Thursday, July 08, 2010

...high cotton...

Summer has finally decided to turn up.

The last several days have been hot, mid to upper 90's, where my daughter jumped in my lap and caused me to post this prematurely. Sorry. Here's the rest of what I meant to post;

Anyway, it's damn hot. And to add to the entertainment, my usual commute home blew up Wednesday, trapping me and about 7-800 other commuters on northbound McLoughlin Blvd. as an old (as in 60-year-old) 12-inch water main deconstructed, flushing out the subgrade from under 1/8-mile of street.After a half-hour wait in the 90-degree heat I managed to turn around, find a local place to eat (and several hefeweitzens...), and after an was STILL a parking lot. Wednesday evening I left the office door at 5:05 and stepped through my own at 7:15. Yikes.

The kiddos have been sweethearts - having their Auntie Kathie here to give them a daycare break has helped. But we're going to need to pool time if this heat keeps up. Air conditioning and nonstop kidvid is NOT a good substitute for getting outdoors.

Oh. I should probably mention that it turns out that I have developed an intestinal ailment.

There are people whose nature it is to suffer from interesting and picturesque ailments. "Consumption". Now there was a disease. You wasted away delicately, fastidiously, Greta Garbo dying scenically in "Camille".

Or leukemia. You could get somewhere with leukemia - hell, Campbell Scott dawdling grave-ward with leukemia managed to nail Julia Roberts in that perennial topic of Oscar-neglect, "Dying Young". Those are diseases a guy can make work.

But this one? Nope. This one will forever be associated with SNL's Joe Piscopo and Robin Duke moaning that they have diiiiverticuliiiitisssss...
Yes. I have diverticulitis.

The is just no fucking romance in that.

Aside from the lack of theatrically pale wasting away, I've been taking antibiotics for two weeks, which, if your internal workings weren't screwed up before is guarenteed to screw them up fairly thoroughly. And I have been living with the sensation of having a roughly hamster-sized object wedged in my lower gut, which is about as much fun as it sounds.

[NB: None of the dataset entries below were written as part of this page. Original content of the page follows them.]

(* Let $A$ be a ${}^\lambda\mathrm{H}_t(m,n;s,k)$ which is simple with respect to a choice of simple orderings of its rows and of its columns. Then (1) there exists a cyclic $s$-cycle decomposition of ${}^\lambda K_{(\frac{2ms}{\lambda t}+1)\times t}$, and (2) there exists a cyclic $k$-cycle decomposition of ${}^\lambda K_{(\frac{2nk}{\lambda t}+1)\times t}$.
   Context: Let $m,n,s,k,\lambda,t$ be positive integers with $t$ dividing $\frac{2nk}{\lambda}$, let $v=\frac{2nk}{\lambda}+t$ and let $J$ be the subgroup of $\mathbb{Z}_v$ of order $t$. A ${}^\lambda\mathrm{H}_t(m,n;s,k)$ is an $m\times n$ partially filled array with entries in $\mathbb{Z}_v$ such that: (a) each row has exactly $s$ and each column exactly $k$ filled cells; (b) the multiset $\{\pm x: x$ an entry of a filled cell$\}$ contains each element of $\mathbb{Z}_v\setminus J$ exactly $\lambda$ times and no element of $J$; (c) every row and column sums to $0$ in $\mathbb{Z}_v$. An ordering of a row/column (list of entries along a cyclic permutation of its filled cells) is simple if its partial sums are pairwise distinct; the array is simple if each row and column admits a simple ordering. $K_{q\times r}$ is the complete multipartite graph with $q$ parts of size $r$ and ${}^\lambda\Gamma$ is the multigraph obtained from $\Gamma$ by repeating each edge $\lambda$ times. A cyclic $\ell$-cycle decomposition of a multigraph with vertex set identified with $\mathbb{Z}_N$ is a set of $\ell$-cycles whose edge multisets partition the edge multiset, and which is closed under translation by every element of $\mathbb{Z}_N$. *)

From HB Require Import structures.
From mathcomp Require Import all_boot all_order all_algebra all_fingroup.
Set Implicit Arguments. Unset Strict Implicit. Unset Printing Implicit Defensive.
Import GRing.Theory.
Local Open Scope ring_scope.

Definition Hv (n k lambda t : nat) : nat := ((2 * n * k) %/ lambda + t)%N.

(* The subgroup of Z_v of order t (t | v): the multiples of v/t. *)
Definition Jsub (v t : nat) : {set 'Z_v} := [set x : 'Z_v | ((v %/ t) %| (x : nat))%N].

Section Arrays.
Variables (v m n : nat).
Implicit Type A : 'M[option 'Z_v]_(m, n).

Definition entry (x : option 'Z_v) : 'Z_v := odflt 0 x.

Definition filled_row A (i : 'I_m) : {set 'I_n} := [set j | A i j != None].
Definition filled_col A (j : 'I_n) : {set 'I_m} := [set i | A i j != None].

Definition simple_row_ordering A (i : 'I_m) (c : seq 'I_n) : bool :=
  perm_eq c (enum (filled_row A i)) &&
  uniq [seq \sum_(j <- take h c) entry (A i j) | h <- iota 1 (size c)].

Definition simple_col_ordering A (j : 'I_n) (c : seq 'I_m) : bool :=
  perm_eq c (enum (filled_col A j)) &&
  uniq [seq \sum_(i <- take h c) entry (A i j) | h <- iota 1 (size c)].

Definition is_simple A : Prop :=
  (forall i, exists c, simple_row_ordering A i c) /\
  (forall j, exists c, simple_col_ordering A j c).
End Arrays.

Definition is_H (m n s k lambda t : nat)
    (A : 'M[option 'Z_(Hv n k lambda t)]_(m, n)) : Prop :=
  [/\ forall i, #|filled_row A i| = s,
      forall j, #|filled_col A j| = k,
      forall y : 'Z_(Hv n k lambda t),
        (\sum_(i < m) \sum_(j < n)
            ((A i j == Some y) + (A i j == Some (- y)))%N)%N
        = (if y \in @Jsub (Hv n k lambda t) t then 0 else lambda)%N,
      forall i, \sum_(j < n) entry (A i j) = 0
    & forall j, \sum_(i < m) entry (A i j) = 0].

(* Cycles on Z_N: a sequence of distinct vertices; its edges are the
   cyclically consecutive pairs. Number of times c uses edge {a,b}: *)
Definition cyc_edge_count (N : nat) (c : seq 'Z_N) (a b : 'Z_N) : nat :=
  \sum_(i < size c)
     ((((nth (0%R : 'Z_N) c i, nth (0%R : 'Z_N) c ((i.+1 %% size c)%N)) == (a, b)) ||
       ((nth (0%R : 'Z_N) c i, nth (0%R : 'Z_N) c ((i.+1 %% size c)%N)) == (b, a))) : nat).

Definition cyc_equiv (N : nat) (c c' : seq 'Z_N) : Prop :=
  exists r, c' = rot r c \/ c' = rot r (rev c).

(* Edge multiplicity of ^lambda K_{q x r} on vertex set Z_{qr}, whose parts
   are the cosets of the subgroup of order r (the multiples of q). *)
Definition Kmult (q r lambda : nat) (a b : 'Z_(q * r)) : nat :=
  if (q %| nat_of_ord ((a - b)%R : 'Z_(q * r)))%N then 0 else lambda.

(* A cyclic l-cycle decomposition of ^lambda K_{q x r}: a (multi)family of
   l-cycles whose edges partition the edge multiset, closed under translation. *)
Definition cyclic_cycle_decomp (q r lambda l : nat) : Prop :=
  exists (M : nat) (D : 'I_M -> seq 'Z_(q * r)),
    [/\ forall i, size (D i) = l /\ uniq (D i),
        forall a b : 'Z_(q * r),
          (\sum_(i < M) cyc_edge_count (D i) a b)%N = @Kmult q r lambda a b
      & forall g : 'Z_(q * r), exists sigma : {perm 'I_M},
          forall i, cyc_equiv (D (sigma i)) (map (fun x => x + g) (D i))].

Arguments is_H : clear implicits.
Arguments cyclic_cycle_decomp : clear implicits.

From HB Require Import structures.
From mathcomp Require Import all_boot all_order all_algebra all_fingroup.
From mathcomp Require Import ring.
Set Implicit Arguments. Unset Strict Implicit. Unset Printing Implicit Defensive.
Import GRing.Theory.
Local Open Scope ring_scope.

(* Let A be a simple
   Heffter array over Z_v, v = qt.  For a row with simple ordering
   (d_1, ..., d_s), the partial sums d_1, d_1 + d_2, ..., d_1 + ... + d_s are
   pairwise distinct, so they form an s-cycle of Z_v; since the row sums to 0,
   the steps of this cycle are again d_1, ..., d_s (rotated).  Among all
   translates of a cycle, an edge {a, b} is used once for every step equal to
   +-(a - b).  Hence the translates of all row cycles form a translation-closed
   family using every edge {a, b} exactly lambda times when a - b lies outside
   the subgroup J of multiples of q, and never otherwise: a cyclic s-cycle
   decomposition of ^lambda K_{q x t}. *)

Lemma count_sum (T : Type) (a : pred T) (s : seq T) :
  count a s = (\sum_(x <- s) a x)%N.
Proof. by rewrite -sum1_count big_mkcond. Qed.

Lemma nth_rot1 (T : Type) (x0 : T) (s : seq T) (h : nat) : (h < size s)%N ->
  nth x0 (rot 1 s) h = nth x0 s (h.+1 %% size s).
Proof.
case: s => [//|x s] /=; rewrite rot1_cons nth_rcons ltnS leq_eqVlt.
by case/orP=> [/eqP ->|hs]; rewrite ?modnn ?ltnn ?eqxx // modn_small ?hs.
Qed.

Section CycleDifferences.
Variable N : nat.
Implicit Types (c d : seq 'Z_N) (x y a b g : 'Z_N).

Definition cyc_diff c : seq 'Z_N :=
  [seq nth 0 c (h.+1 %% size c) - nth 0 c h | h <- iota 0 (size c)].

(* Exactly one translate of the directed pair (x, y) starts at a, and it ends
   at b iff y - x = b - a. *)
Lemma translates_of_pair x y a b :
  (\sum_(g : 'Z_N) (((x + g, y + g) == (a, b))%R : nat))%N = (y - x == b - a).
Proof.
have pairE g : ((x + g, y + g) == (a, b)) = (g == a - x) && (y - x == b - a).
  rewrite xpair_eqE; apply/andP/andP => -[/eqP H1 /eqP H2]; split; apply/eqP.
  - by rewrite -H1; ring.
  - by rewrite -H1 -H2; ring.
  - by rewrite H1; ring.
  - by rewrite H1 -[b](subrK a) -H2; ring.
under eq_bigr do rewrite pairE.
by rewrite (bigD1 (a - x)) //= eqxx big1 ?addn0 // => g /negbTE ->.
Qed.

Lemma translates_of_edge x y a b : y - x != 0 ->
  (\sum_(g : 'Z_N)
     ((((x + g, y + g) == (a, b)) || ((x + g, y + g) == (b, a)))%R : nat))%N
    = ((y - x == b - a)%R + (y - x == a - b)%R)%N.
Proof.
move=> yx_nz; rewrite -!translates_of_pair -big_split /=; apply: eq_bigr => g _.
case: eqP => [[xa yb]|_]; case: eqP => [[xb ya]|_] //=; exfalso.
by move: yx_nz; rewrite subr_eq0 -(inj_eq (addIr g)) yb xb eqxx.
Qed.

Lemma translates_edge_count c a b : 0 \notin cyc_diff c ->
  (\sum_(g : 'Z_N) cyc_edge_count [seq (x + g)%R | x <- c] a b)%N
    = (count_mem (b - a)%R (cyc_diff c) + count_mem (a - b)%R (cyc_diff c))%N.
Proof.
move=> steps_nz; rewrite /cyc_edge_count.
under eq_bigr do rewrite size_map.
rewrite exchange_big /= !count_sum -big_split /= /cyc_diff big_map.
have -> : iota 0 (size c) = index_iota 0 (size c) by rewrite /index_iota subn0.
rewrite big_mkord; apply: eq_bigr => h _.
have hs := ltn_ord h; have hs' : (h.+1 %% size c < size c)%N.
  by rewrite ltn_pmod // (leq_ltn_trans _ hs).
under eq_bigr do rewrite !(nth_map 0) //.
apply: translates_of_edge; apply: contra steps_nz => /eqP <-.
by apply/mapP; exists (nat_of_ord h); rewrite // mem_iota.
Qed.

Definition psums d : seq 'Z_N :=
  [seq \sum_(x <- take h d) x | h <- iota 1 (size d)].

Lemma size_psums d : size (psums d) = size d.
Proof. by rewrite size_map size_iota. Qed.

Lemma nth_psums d h : (h < size d)%N ->
  nth 0 (psums d) h = \sum_(x <- take h.+1 d) x.
Proof. by move=> hs; rewrite (nth_map 0%N) ?size_iota // nth_iota // add1n. Qed.

Lemma cyc_diff_psums d : \sum_(x <- d) x = 0 -> cyc_diff (psums d) = rot 1 d.
Proof.
move=> d_sum0; apply: (@eq_from_nth _ 0); rewrite size_map size_iota size_psums.
  by rewrite size_rot.
move=> h hs.
rewrite (nth_map 0%N) ?size_iota ?size_psums // nth_iota // add0n nth_rot1 //.
case: (ltngtP h.+1 (size d)) => [hs'|hs'|hs'].
- rewrite modn_small // !nth_psums // (take_nth 0 hs') -cats1 big_cat big_seq1 /=.
  by rewrite addrAC subrr add0r.
- by move: hs'; rewrite ltnS leqNgt hs.
- have d_gt0 : (0 < size d)%N by rewrite -hs'.
  rewrite hs' modnn !nth_psums // hs' take_size d_sum0 subr0.
  by case: d d_gt0 {hs d_sum0 hs'} => [|x d] //= _; rewrite take0 big_seq1.
Qed.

So living isn't exactly easy.

But I suspect that the fish are jumping in the Willamette, somewhere. But don't eat them; they're full of PCBs, lead, creosote, and fecal coliforms.

Welcome, summer.

Yes, it's very nice to see you, too.

We'd be good with a teensy little less...ummm...summeryness, though.



Barry said...


At which point the normal 364 days-per-year of rainy weather resumed, shattering FDChief into 1,000 pieces, due to the humidity shock.

FDChief said...

Naah. 4-year-old daughter.

Fixed it, tho. Tralala.

Ael said...

It's funny, I'm about as content as a man can be. However, I'm always wanting something different.

Lucky for me, my druthers often revolve around the weather

Lisa said...

Our infrastructure is showing more and more cracks these days. Sorry about the hot traffic snafu.

Thank you for sharing that SNL classic, which I'd never seen (though I'm afraid I know that couple.)

As for being romantically tetched, you could always take up the absinthe habit...

I'd recommend recovery, though, and I hope you're feeling much better soon, and in tall cotton yourself.